Добавить в цитаты Настройки чтения

Страница 11 из 15



Недавно по телевизору я смотрела американский фильм «Тарас Бульба» – старая экранизация с Юлом Бриннером в главной роли. Младшего сына Андрея, того, что влюбился в полячку, там играл какой-то мужик с неестественно большими ярко-голубыми глазами, единственный из всех казаков, у кого была вполне приличная прическа, а не бритый сверкающий череп: набриолиненные а-ля Пресли волосы в духе 60-х были тщательно зачесаны назад. И одет он, кстати, тоже был во что-то вроде бадлона, тоже в духе начала 60-х. Не помню точно, какого года этот фильм, но, возможно, что все эти детали именно оттуда, из того времени… Так вот, у меня сложилось впечатление, что они, то есть американцы, экранизировали совсем не Гоголя, а Достоевского, так как именно таким русский человек и должен всем казаться по прочтении его произведений. Казаки занимаются какими-то абсурдными вещами: после битвы, когда обычно солдаты отдыхают, они исступленно пьют, чуть ли не поливая себя водкой, потом начинают прыгать, скакать и плясать, переполняемые безумной энергией, потом ходят по тонкой дощечке над ямой с медведями, кажется, даже дерутся с этими медведями, потом опять начинаются прыжки и скачки – и так до самого рассвета. А утром опять схватка с врагом. Неудивительно, что поляки, красиво одетые и спокойные, вызывают на этом фоне гораздо большую симпатию, а выходка старого безумца Тараса Бульбы, решившего из ненависти к этим полякам, а точнее, ко всему разумному, упорядоченному и красивому, пристрелить своего младшего сына (который, кстати, тоже был не то, чтобы самым красивым, но по крайней мере самым гладким и причесанным изо всей этой безобразной орды беспрестанно прыгающих бритоголовых уродов) пробуждает только ужас и отвращение.
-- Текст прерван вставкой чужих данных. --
Theorem mainTheorem14 (R : realType) (ny nz nc nb M : nat)
  (t0 tE : R) (tk : 'I_M -> R)
  (f : ('I_ny -> R) -> ('I_ny -> R) -> ('I_nz -> R) -> R -> R)
  (c : ('I_ny -> R) -> ('I_ny -> R) -> ('I_nz -> R) -> R -> 'I_nc -> R)
  (b : ('I_M -> 'I_ny -> R) -> 'I_nb -> R)
  (omega tau LF Lr Lf Lc cmax : R)
  (ys vs : R -> 'I_ny -> R) (zs : R -> 'I_nz -> R) :
  (* setting *)
  t0 < tE ->
  (forall k, t0 <= tk k <= tE) ->
  0 < omega < 1 -> 0 < tau <= omega ->
  (* well-definedness of F and r on X (implicit in the paper) *)
  (forall y v z, inX t0 tE y v z ->
     (@lebesgue_measure R).-integrable (Omega t0 tE)
       (fun t => (f (v t) (y t) (z t) t)%:E)) ->
  (forall y v z, inX t0 tE y v z -> forall i,
     measurable_fun (Omega t0 tE) (fun t => c (v t) (y t) (z t) t i)) ->
  (* (A.2) *)
  (forall a a' w t, (forall j, 0 <= w j) -> Omega t0 tE t ->
     norm1 (c a a' w t) <= cmax) ->
  (exists Bb, forall p, norm1 (b p) <= Bb) ->
  (exists m, forall y v z, inX t0 tE y v z -> z_nonneg t0 tE z ->
     m <= Fobj t0 tE f y v z) ->
  (* (A.3) with constants L_f, L_c *)
  (forall a1 a2 a1' a2' w w' t, Omega t0 tE t ->
     `|f a1 a2 w t - f a1' a2' w' t|
       <= Lf * (norm1 (a1 - a1') + norm1 (a2 - a2') + norm1 (w - w'))) ->
  (forall a1 a2 a1' a2' w w' t, Omega t0 tE t ->
     norm1 (c a1 a2 w t - c a1' a2' w' t)
       <= Lc * (norm1 (a1 - a1') + norm1 (a2 - a2') + norm1 (w - w'))) ->
  (exists Lb, forall p p',
     norm1 (b p - b p') <= Lb * \sum_(k < M) norm1 (p k - p' k)) ->
  (* L_F, L_r >= 2 bound the Lipschitz constants of F, r *)
  2 <= LF -> 2 <= Lr ->
  (forall y v z y' v' z', inX t0 tE y v z -> inX t0 tE y' v' z' ->
     z_nonneg t0 tE z -> z_nonneg t0 tE z' ->
     `|Fobj t0 tE f y v z - Fobj t0 tE f y' v' z'|
       <= LF * normX t0 tE (y - y') (v - v') (z - z') /\
     `|robj t0 tE tk c b y v z - robj t0 tE tk c b y' v' z'|
       <= Lr * normX t0 tE (y - y') (v - v') (z - z')) ->
  (forall y v z z', inX t0 tE y v z -> inX t0 tE y v z' ->
     z_nonneg t0 tE z -> z_nonneg t0 tE z' ->
     `|Fobj t0 tE f y v z - Fobj t0 tE f y v z'|
       <= LF * normL1 t0 tE (z - z') /\
     `|robj t0 tE tk c b y v z - robj t0 tE tk c b y v z'|
       <= Lr * normL1 t0 tE (z - z')) ->
  (* x^star = (y^star, z^star) minimizes F_{omega,tau} over X *)
  inX t0 tE ys vs zs ->
  (forall y v z, inX t0 tE y v z ->
     (Fomtau t0 tE tk f c b omega tau ys vs zs
        <= Fomtau t0 tE tk f c b omega tau y v z)%E) ->
  (* conclusion *)
  let Lomega := Num.max (LF + Lr / (2 * omega))
                        (Lf + Lc / (2 * omega) * cmax) in
  \forall t \ae (@lebesgue_measure R),
    Omega t0 tE t -> forall j : 'I_nz, tau / Lomega <= zs t j.
Proof.
move=> _ _ /andP[omega0 _] /andP[tau0 _] _ _ _ _ _ _ _ _ LF2 Lr2 _ LipL1
  [ys_ok zsL2] zs_min Lomega.
set L := LF + Lr / (2 * omega).
have L0 : 0 < L by rewrite ltr_wpDr ?divr_ge0 ?mulr_ge0 ?(le_trans _ Lr2) ?ltW
  ?(lt_le_trans _ LF2).
have tau_Lomega : tau / Lomega <= tau / L.
  by rewrite ler_pM2l// lef_pV2 ?posrE ?(lt_le_trans L0) ?le_max ?lexx.
pose G z := Fobj t0 tE f ys vs z + robj t0 tE tk c b ys vs z / (2 * omega).
have G_lip z z' : L2_components t0 tE z -> L2_components t0 tE z' ->
    z_nonneg t0 tE z -> z_nonneg t0 tE z' ->
    `|G z - G z'| <= L * normL1 t0 tE (z - z').
  move=> zL2 z'L2 z_ge0 z'_ge0.
  have [F_lip r_lip] := LipL1 _ _ _ _ (conj ys_ok zL2) (conj ys_ok z'L2)
    z_ge0 z'_ge0.
  by apply: ler_dist_add_div F_lip r_lip; rewrite mulr_ge0// ltW.
have G_min z : L2_components t0 tE z -> ((G zs)%:E + tau%:E * Gamma t0 tE zs
    <= (G z)%:E + tau%:E * Gamma t0 tE z)%E.
  by move=> zL2; have := zs_min _ _ _ (conj ys_ok zL2); rewrite /Fomtau !EFinD.
have := filter_forall (ae_lebesgue_filter R)
  (log_barrier_minimizer_ge _ _ _ _ tau0 L0 zsL2 G_lip G_min).
by apply: filterS => t zs_ge Dt j; exact: le_trans tau_Lomega (zs_ge j Dt).
Qed.
Lemma Zpsum_moment1 n : Zpsum (fun y => y%:~R * pmfX y) n.+1 =
  (n%:R + 2) * q ^+ n.+2 - (n%:R + 1) * q ^+ n.+3.
Proof.
elim: n => [|n IH].
  rewrite ZpsumS Zpsum0 pmfXN pmfXS /= intrN !intr_natz !mul0r add0r.
  by apply: (@eq_mod_sqrt2B1_root _ _ _ (- q)); ring.
rewrite ZpsumS IH pmfXN pmfXS /= intrN !intr_natz mulr0 addr0.
apply: (@eq_mod_sqrt2B1_root _ _ _ (- (n%:R + 2) * q ^+ n.+2)).
by rewrite !exprS -?[n.+2]addn2 -?[n.+1]addn1 !natrD; ring.
Qed.

Lemma Zpsum_moment2 n : Zpsum (fun y => y%:~R * y%:~R * pmfX y) n.+1 =
  s - ((3 * q - 1) * (n%:R + 1) ^+ 2 + 2 * q * (n%:R + 1) + 1) * q ^+ n.+1.
Proof.
elim: n => [|n IH].
  rewrite ZpsumS Zpsum0 pmfXN pmfXS /= intrN !intr_natz !mul0r add0r.
  by apply: (@eq_mod_sqrt2B1_root _ _ _ (2 * q + 1)); ring.
rewrite ZpsumS IH pmfXN pmfXS /= intrN !intr_natz mulr0 addr0.
apply: (@eq_mod_sqrt2B1_root _ _ _
  (q ^+ n.+1 * (2 * (n%:R + 2) ^+ 2 * q + 1 - (n%:R + 1) ^+ 2))).
by rewrite !exprS -?[n.+2]addn2 -?[n.+1]addn1 !natrD; ring.
Qed.

Lemma Zpsum_moment1_cvg : Zpsum (fun y => y%:~R * pmfX y) @ \oo --> 0.
Proof.
pose u (m : nat) := m%:R * q ^+ m.
rewrite -cvg_shiftS.
have uE n : Zpsum (fun y => y%:~R * pmfX y) n.+1 = u (n + 2)%N - q ^+ 2 * u (n + 1)%N.
  rewrite Zpsum_moment1 /u addn2 addn1 !exprS -[n.+2]addn2 -[n.+1]addn1 !natrD.
  ring.
have u_cvg0 k : (fun n => u (n + k)%N) @ \oo --> 0.
  by rewrite (cvg_shiftn k u); exact: natr_expr_cvg0 (sqrt2B1_range R).
have lim := cvgB (u_cvg0 2%N) (cvgMl_tmp (a := q ^+ 2) (u_cvg0 1%N)).
by rewrite mulr0 subr0 in lim; rewrite (eq_cvg _ _ uE); exact: lim.
Qed.
(* Let $T$ be a near-truss and let $I$ be a paragon in $T$ that is a maximal left ideal. Then the quotient near-truss $T/I$ has no ideals other than singleton sets and $T/I$ itself.
   Context: A heap is a set with a ternary operation $[-,-,-]$ satisfying $[a_1,a_2,[a_3,a_4,a_5]]=[[a_1,a_2,a_3],a_4,a_5]$ and $[a,a,b]=b=[b,a,a]$. A near-truss is a heap with an associative multiplication satisfying $a[b,c,d]=[ab,ac,ad]$. A normal sub-heap is a non-empty subset $S$ closed under $[-,-,-]$ with $[[a,e,s],a,e]\in S$ for all $a$ and $e,s\in S$; $a\sim_S b$ iff $[a,b,s]\in S$ for some (equivalently all) $s\in S$. A sub-heap $S$ is closed if $[ts',ts,s]\in S$ and $[s't,st,s]\in S$ for all $s,s'\in S$, $t$. A paragon is a non-empty normal sub-heap $P$ all of whose $\sim_P$-classes are closed; then $T/P$ is a near-truss with $\bar a\bar b=\overline{ab}$. A left ideal is a normal sub-heap $I$ with $ti\in I$ for all $t$, $i\in I$; an ideal additionally satisfies $it\in I$. A left ideal $I\neq T$ is maximal if it is not contained in any left ideal other than itself and $T$. *)

From Stdlib Require Import ClassicalEpsilon.

Set Implicit Arguments.

Section NearTruss.
Variable T : Type.
Variable h : T -> T -> T -> T.
Variable mul : T -> T -> T.

Definition is_heap : Prop :=
  (forall a1 a2 a3 a4 a5, h a1 a2 (h a3 a4 a5) = h (h a1 a2 a3) a4 a5) /\
  (forall a b, h a a b = b) /\ (forall a b, h b a a = b).

Definition is_near_truss : Prop :=
  is_heap /\
  (forall a b c, mul a (mul b c) = mul (mul a b) c) /\
  (forall a b c d, mul a (h b c d) = h (mul a b) (mul a c) (mul a d)).

Definition heap_closed (S : T -> Prop) : Prop :=
  forall a b c, S a -> S b -> S c -> S (h a b c).

Definition is_subheap (S : T -> Prop) : Prop :=
  (exists s, S s) /\ heap_closed S.

Definition is_normal_subheap (S : T -> Prop) : Prop :=
  is_subheap S /\
  (forall a e s, S e -> S s -> S (h (h a e s) a e)).

Definition heap_rel (S : T -> Prop) (a b : T) : Prop :=
  exists s, S s /\ S (h a b s).

Definition is_closed_subheap (S : T -> Prop) : Prop :=
  is_subheap S /\
  (forall s s' t, S s -> S s' ->
     S (h (mul t s') (mul t s) s) /\ S (h (mul s' t) (mul s t) s)).

Definition is_paragon (P : T -> Prop) : Prop :=
  is_normal_subheap P /\
  (forall a, is_closed_subheap (heap_rel P a)).

Definition is_left_ideal (I : T -> Prop) : Prop :=
  is_normal_subheap I /\ (forall t i, I i -> I (mul t i)).

Definition is_ideal (I : T -> Prop) : Prop :=
  is_left_ideal I /\ (forall t i, I i -> I (mul i t)).

Definition is_maximal_left_ideal (I : T -> Prop) : Prop :=
  is_left_ideal I /\ (exists t, ~ I t) /\
  (forall J, is_left_ideal J -> (forall x, I x -> J x) ->
     (forall x, J x <-> I x) \/ (forall x, J x)).

End NearTruss.

Section Quotient.
Variable T : Type.
Variable h : T -> T -> T -> T.
Variable mul : T -> T -> T.
Variable P : T -> Prop.

Definition qclass (a : T) : T -> Prop := heap_rel h P a.

Definition quot : Type := { A : T -> Prop | exists a, A = qclass a }.

Definition qcl (a : T) : quot := exist _ (qclass a) (ex_intro _ a eq_refl).

Definition qrep (A : quot) : T := proj1_sig (constructive_indefinite_description _ (proj2_sig A)).

(* operations on representatives: [ā,b̄,c̄] = class of [a,b,c], ā b̄ = class of ab
   (well defined when P is a paragon) *)
Definition qheap (A B C : quot) : quot := qcl (h (qrep A) (qrep B) (qrep C)).
Definition qmul (A B : quot) : quot := qcl (mul (qrep A) (qrep B)).

End Quotient.

Arguments qclass {T} h P a.
Arguments quot {T} h P.
Arguments qcl {T} h P a.
Arguments qrep {T} h P A.
Arguments qheap {T} h P A B C.
Arguments qmul {T} h mul P A B.

From Stdlib Require Import ClassicalEpsilon ProofIrrelevance FunctionalExtensionality PropExtensionality.

(* Pull a left ideal J of T/I back to the union K of the classes it contains and
   translate it by a point k of K, m |-> [m, e, k] with e in I.  Since K is a
   union of I-classes and I is a left ideal, the translate M is a left ideal of T
   containing I.  By maximality M = I, in which case J is the single class of k,
   or M = T, in which case J is everything. *)

Set Implicit Arguments.
Unset Strict Implicit.

Section Heap.
Variables (T : Type) (h : T -> T -> T -> T).
Hypothesis Hheap : is_heap h.

Lemma heap_assocl a b c d e : h (h a b c) d e = h a b (h c d e).
Proof. symmetry; apply (proj1 Hheap). Qed.

Lemma heap_cancel_l a b : h a a b = b.
Proof. apply (proj2 Hheap). Qed.

Lemma heap_cancel_r a b : h b a a = b.
Proof. apply (proj2 Hheap). Qed.

Lemma heap_cancel_mid a b c x : h a b (h b c x) = h a c x.
Proof. rewrite (proj1 Hheap), heap_cancel_r; reflexivity. Qed.

Lemma heap_swap_mid a b c d e : h a (h b c d) e = h a d (h c b e).
Proof.
  assert (Hadc : h (h a d c) b (h b c d) = a).
  { rewrite (proj1 Hheap), heap_cancel_r, heap_assocl, heap_cancel_l, heap_cancel_r.
    reflexivity. }
  rewrite (proj1 Hheap).
  transitivity (h (h (h a d c) b (h b c d)) (h b c d) e).
  - rewrite Hadc; reflexivity.
  - rewrite heap_assocl, heap_cancel_l; reflexivity.
Qed.

Ltac heap_norm :=
  repeat progress rewrite ?heap_assocl, ?heap_swap_mid, ?heap_cancel_l,
                          ?heap_cancel_r, ?heap_cancel_mid;
  reflexivity.

Definition heap_translate (e k : T) (K : T -> Prop) (m : T) : Prop := K (h m e k).

Lemma heap_translate_heap e k a b c :
  h (h a b c) e k = h (h a e k) (h b e k) (h c e k).
Proof. heap_norm. Qed.

Lemma heap_translate_normal e k a f s :
  h (h (h a f s) a f) e k = h (h (h a e k) (h f e k) (h s e k)) (h a e k) (h f e k).
Proof. heap_norm. Qed.

Lemma heap_translate_inv e k p : h (h p k e) e k = p.
Proof. heap_norm. Qed.

Lemma qcl_qrep (S : T -> Prop) q : qcl h S (qrep h S q) = q.
Proof.
  destruct q as [A HA]; unfold qrep; simpl.
  destruct (constructive_indefinite_description _ HA) as [a Ha]; simpl.
  apply subset_eq_compat; symmetry; exact Ha.
Qed.

Section NormalSubheap.
Variable S : T -> Prop.
Hypothesis HS : is_normal_subheap h S.

Let S_closed : heap_closed h S := proj2 (proj1 HS).
Let S_normal := proj2 HS.

Lemma heap_rel_mem a b s : heap_rel h S a b -> S s -> S (h a b s).
Proof.
  intros [s0 [Ss0 Sab]] Ss.
  replace (h a b s) with (h (h a b s0) s0 s) by heap_norm.
  apply S_closed; assumption.
Qed.

Lemma heap_rel_of_mem x y : S x -> S y -> heap_rel h S x y.
Proof. intros Sx Sy; exists x; split; [assumption | apply S_closed; assumption]. Qed.

Lemma heap_rel_refl a : heap_rel h S a a.
Proof.
  destruct (proj1 (proj1 HS)) as [s Ss].
  exists s; rewrite heap_cancel_l; split; assumption.
Qed.

Lemma heap_rel_sym a b : heap_rel h S a b -> heap_rel h S b a.
Proof.
  intros [s [Ss Sab]]; exists s; split; [assumption |].
  replace (h b a s) with (h s (h a b s) s) by heap_norm.
  apply S_closed; assumption.
Qed.

Lemma heap_rel_trans a b c :
  heap_rel h S a b -> heap_rel h S b c -> heap_rel h S a c.
Proof.
  intros Hab Hbc.
  destruct (proj1 (proj1 HS)) as [s Ss].
  exists s; split; [assumption |].
  replace (h a c s) with (h (h a b s) s (h b c s)) by heap_norm.
  apply S_closed; auto using heap_rel_mem.
Qed.

Lemma heap_rel_heap a a' b b' c c' :
  heap_rel h S a a' -> heap_rel h S b b' -> heap_rel h S c c' ->
  heap_rel h S (h a b c) (h a' b' c').
Proof.
  intros Ha Hb Hc.
  destruct (proj1 (proj1 HS)) as [s Ss].
  apply heap_rel_trans with (h a' b c); [| apply heap_rel_trans with (h a' b' c)];
    exists s; split; try assumption.
  - replace (h (h a b c) (h a' b c) s) with (h a a' s) by heap_norm.
    apply heap_rel_mem; assumption.
  - replace (h (h a' b c) (h a' b' c) s)
      with (h (h (h a' b' s) s (h b' b s)) (h a' b' s) s) by heap_norm.
    apply S_normal; auto using heap_rel_mem, heap_rel_sym.
  - replace (h (h a' b' c) (h a' b' c') s)
      with (h (h (h a' b' s) s (h c c' s)) (h a' b' s) s) by heap_norm.
    apply S_normal; auto using heap_rel_mem.
Qed.

Lemma qcl_eq a b : heap_rel h S a b -> qcl h S a = qcl h S b.
Proof.
  intros Hab; apply subset_eq_compat.
  extensionality x; apply propositional_extensionality; unfold qclass.
  split; intros Hx; eauto using heap_rel_trans, heap_rel_sym.
Qed.

Lemma heap_rel_of_qcl_eq a b : qcl h S a = qcl h S b -> heap_rel h S a b.
Proof.
  intros E; apply (f_equal (@proj1_sig _ _)) in E; simpl in E.
  unfold qclass in E; rewrite E; apply heap_rel_refl.
Qed.

Lemma heap_rel_qrep_qcl a : heap_rel h S (qrep h S (qcl h S a)) a.
Proof. apply heap_rel_of_qcl_eq; rewrite qcl_qrep; reflexivity. Qed.

Lemma qheap_qcl a b c :
  qheap h S (qcl h S a) (qcl h S b) (qcl h S c) = qcl h S (h a b c).
Proof. apply qcl_eq, heap_rel_heap; apply heap_rel_qrep_qcl. Qed.

End NormalSubheap.

Section NearTruss.
Variable mul : T -> T -> T.
Hypothesis Hdistr : forall a b c d, mul a (h b c d) = h (mul a b) (mul a c) (mul a d).

Section Paragon.
Variable P : T -> Prop.
Hypothesis HP : is_paragon h mul P.

Lemma heap_rel_mul a a' b b' :
  heap_rel h P a a' -> heap_rel h P b b' -> heap_rel h P (mul a b) (mul a' b').
Proof.
  intros Ha Hb.
  pose proof (proj1 HP) as HPn.
  (* Closedness of the classes of a and b: they contain [a'b, ab, a] and
     [a'b', a'b, b] respectively. *)
  apply heap_rel_trans with (mul a' b); [assumption | |].
  - destruct (proj2 (proj2 HP a) a a' b (heap_rel_refl HPn a) Ha)
      as [_ [s [Ps Hs]]].
    exists s; split; [assumption |].
    replace (h (mul a b) (mul a' b) s) with (h a (h (mul a' b) (mul a b) a) s)
      by heap_norm.
    assumption.
  - destruct (proj2 (proj2 HP b) b b' a' (heap_rel_refl HPn b) Hb)
      as [[s [Ps Hs]] _].
    exists s; split; [assumption |].
    replace (h (mul a' b) (mul a' b') s) with (h b (h (mul a' b') (mul a' b) b) s)
      by heap_norm.
    assumption.
Qed.

Lemma qmul_qcl a b : qmul h mul P (qcl h P a) (qcl h P b) = qcl h P (mul a b).
Proof.
  apply (qcl_eq (proj1 HP)), heap_rel_mul; apply (heap_rel_qrep_qcl (proj1 HP)).
Qed.

Definition qpreimage (J : quot h P -> Prop) (a : T) : Prop := J (qcl h P a).

Lemma left_ideal_qpreimage J :
  is_left_ideal (qheap h P) (qmul h mul P) J -> is_left_ideal h mul (qpreimage J).
Proof.
  intros [[[[q Jq] J_closed] J_normal] J_left]; unfold qpreimage.
  split; [split; [split |] |].
  - exists (qrep h P q); rewrite qcl_qrep; assumption.
  - intros a b c Ja Jb Jc; rewrite <- (qheap_qcl (proj1 HP)); auto.
  - intros a e s Je Js; rewrite <- !(qheap_qcl (proj1 HP)); auto.
  - intros t i Ji; rewrite <- qmul_qcl; auto.
Qed.

Lemma qpreimage_saturated J a b :
  heap_rel h P a b -> qpreimage J a -> qpreimage J b.
Proof. unfold qpreimage; intros Hab; rewrite (qcl_eq (proj1 HP) Hab); trivial. Qed.

End Paragon.

Section Translate.
Variables (I K : T -> Prop) (e k : T).
Hypotheses (HI : is_left_ideal h mul I) (HK : is_left_ideal h mul K).
Hypothesis K_saturated : forall a b, heap_rel h I a b -> K a -> K b.
Hypotheses (Ie : I e) (Kk : K k).

Lemma left_ideal_heap_translate : is_left_ideal h mul (heap_translate e k K).
Proof.
  destruct HI as [HIn I_left].
  destruct HK as [[[_ K_closed] K_normal] K_left]; unfold heap_translate.
  split; [split; [split |] |].
  - exists e; rewrite heap_cancel_l; assumption.
  - intros a b c Ka Kb Kc; rewrite heap_translate_heap; auto.
  - intros a f s Kf Ks; rewrite heap_translate_normal; auto.
  - intros t m Km.
    (* t [m, e, k] = [tm, te, tk], and te ~ e because both lie in I *)
    assert (Ktm : K (h (mul t m) e (mul t k))).
    { apply K_saturated with (mul t (h m e k)); [| auto].
      rewrite Hdistr.
      apply heap_rel_heap; auto using heap_rel_refl.
      apply heap_rel_of_mem; auto. }
    replace (h (mul t m) e k) with (h (h (mul t m) e (mul t k)) (mul t k) k)
      by heap_norm.
    auto.
Qed.

Lemma subset_heap_translate x : I x -> heap_translate e k K x.
Proof.
  intros Ix; unfold heap_translate.
  apply K_saturated with k; [| assumption].
  rewrite <- (heap_cancel_l e k) at 1.
  destruct HI as [HIn _].
  apply heap_rel_heap; [assumption | apply heap_rel_of_mem; assumption | |];
    apply heap_rel_refl; assumption.
Qed.

End Translate.

Lemma quot_left_ideal_trivial (I : T -> Prop) :
  is_paragon h mul I -> is_maximal_left_ideal h mul I ->
  forall J : quot h I -> Prop,
    is_left_ideal (qheap h I) (qmul h mul I) J ->
    (exists q, forall x, J x <-> x = q) \/ (forall x, J x).
Proof.
  intros HP [HI [_ I_max]] J HJ.
  destruct (proj1 (proj1 (proj1 HJ))) as [q Jq].
  destruct (proj1 (proj1 (proj1 HI))) as [e Ie].
  set (k := qrep h I q).
  assert (Kk : qpreimage J k) by (unfold qpreimage, k; rewrite qcl_qrep; assumption).
  pose proof (@qpreimage_saturated I HP J) as K_saturated.
  pose proof (left_ideal_qpreimage HP HJ) as HK.
  destruct (I_max (heap_translate e k (qpreimage J))
              (left_ideal_heap_translate HI HK K_saturated Ie Kk)
              (subset_heap_translate HI K_saturated Ie Kk)) as [M_eq_I | M_full].
  - left; exists q; split; intros Jx.
    + rewrite <- (qcl_qrep x), <- (qcl_qrep q).
      apply (qcl_eq (proj1 HP)).
      assert (I_pke : I (h (qrep h I x) k e)).
      { apply M_eq_I; unfold heap_translate, qpreimage.
        rewrite heap_translate_inv, qcl_qrep; assumption. }
      exists e; split; assumption.
    + subst x; assumption.
  - right; intros x.
    specialize (M_full (h (qrep h I x) k e)).
    unfold heap_translate, qpreimage in M_full.
    rewrite heap_translate_inv, qcl_qrep in M_full; assumption.
Qed.

End NearTruss.
End Heap.

Unset Implicit Arguments.

Theorem lemma3p23 (T : Type) (h : T -> T -> T -> T) (mul : T -> T -> T)
  (HT : is_near_truss h mul) (I : T -> Prop)
  (HP : is_paragon h mul I) (HI : is_maximal_left_ideal h mul I) :
  forall J : quot h I -> Prop,
    is_ideal (qheap h I) (qmul h mul I) J ->
    (exists q, forall x, J x <-> x = q) \/ (forall x, J x).
Proof.
  destruct HT as [Hheap [_ Hdistr]].
  intros J HJ.
  exact (quot_left_ideal_trivial Hheap Hdistr HP HI (proj1 HJ)).
Qed.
Сегодня я все чаще ловлю себя на мысли, что абсолютно не понимаю, на что с таким упорством напирал Достоевский, задаваясь вопросами типа: «Бога нет – все дозволено!» Какой загадочный смысл он вкладывал в это восклицание, точнее не он, а один из его персонажей, кажется, Иван Карамазов, я уже точно и не помню, но не в этом дело! «Бога нет – все дозволено!», «Бог есть – ничего не дозволено!», «Бога нет – кое-что дозволено!» и т. д., в этом же духе. Признаюсь, для меня все эти высказывания сливаются в одно. Я, действительно, не понимаю, чем они отличаются друг от друга и почему герою Достоевского одно из сочетаний этих слов казалось столь важным, почему он предпочитал его остальным. На мой взгляд, он с таким же успехом мог бы задаваться, например, вопросом о первичности материи: «Материя первична, дух вторичен!» – или же: «Бытие определяет сознание!»… Я в равной мере не понимаю всех этих определений и формулировок: мне кажется, что человек, изрекающий подобное, должен пребывать в состоянии какого-то сна, то есть принимать за реальность нечто не имеющее к ней никакого отношения. Вот если бы Достоевский защищал диссертации, был соискателем научной степени, получал бы за это бабки, то есть вынужден был бы задаваться такими вопросами по долгу службы, тогда бы еще хоть что-то можно было понять. Но ведь Достоевский, скорее всего, когда писал «Братьев Карамазовых», был совершенно искренен и, судя по всему, ни на секунду не сомневался, что все люди и через сто лет будут с таким же пафосом, как и его персонажи, восклицать: «Бога нет – все дозволено!» То есть он считал, что затронул какую-то очень важную вечную тему, – еще бы, ведь речь идет о самом Боге, – и вот эта его наивность сегодня кажется мне едва ли не самой жалкой и смешной во всем его творчестве.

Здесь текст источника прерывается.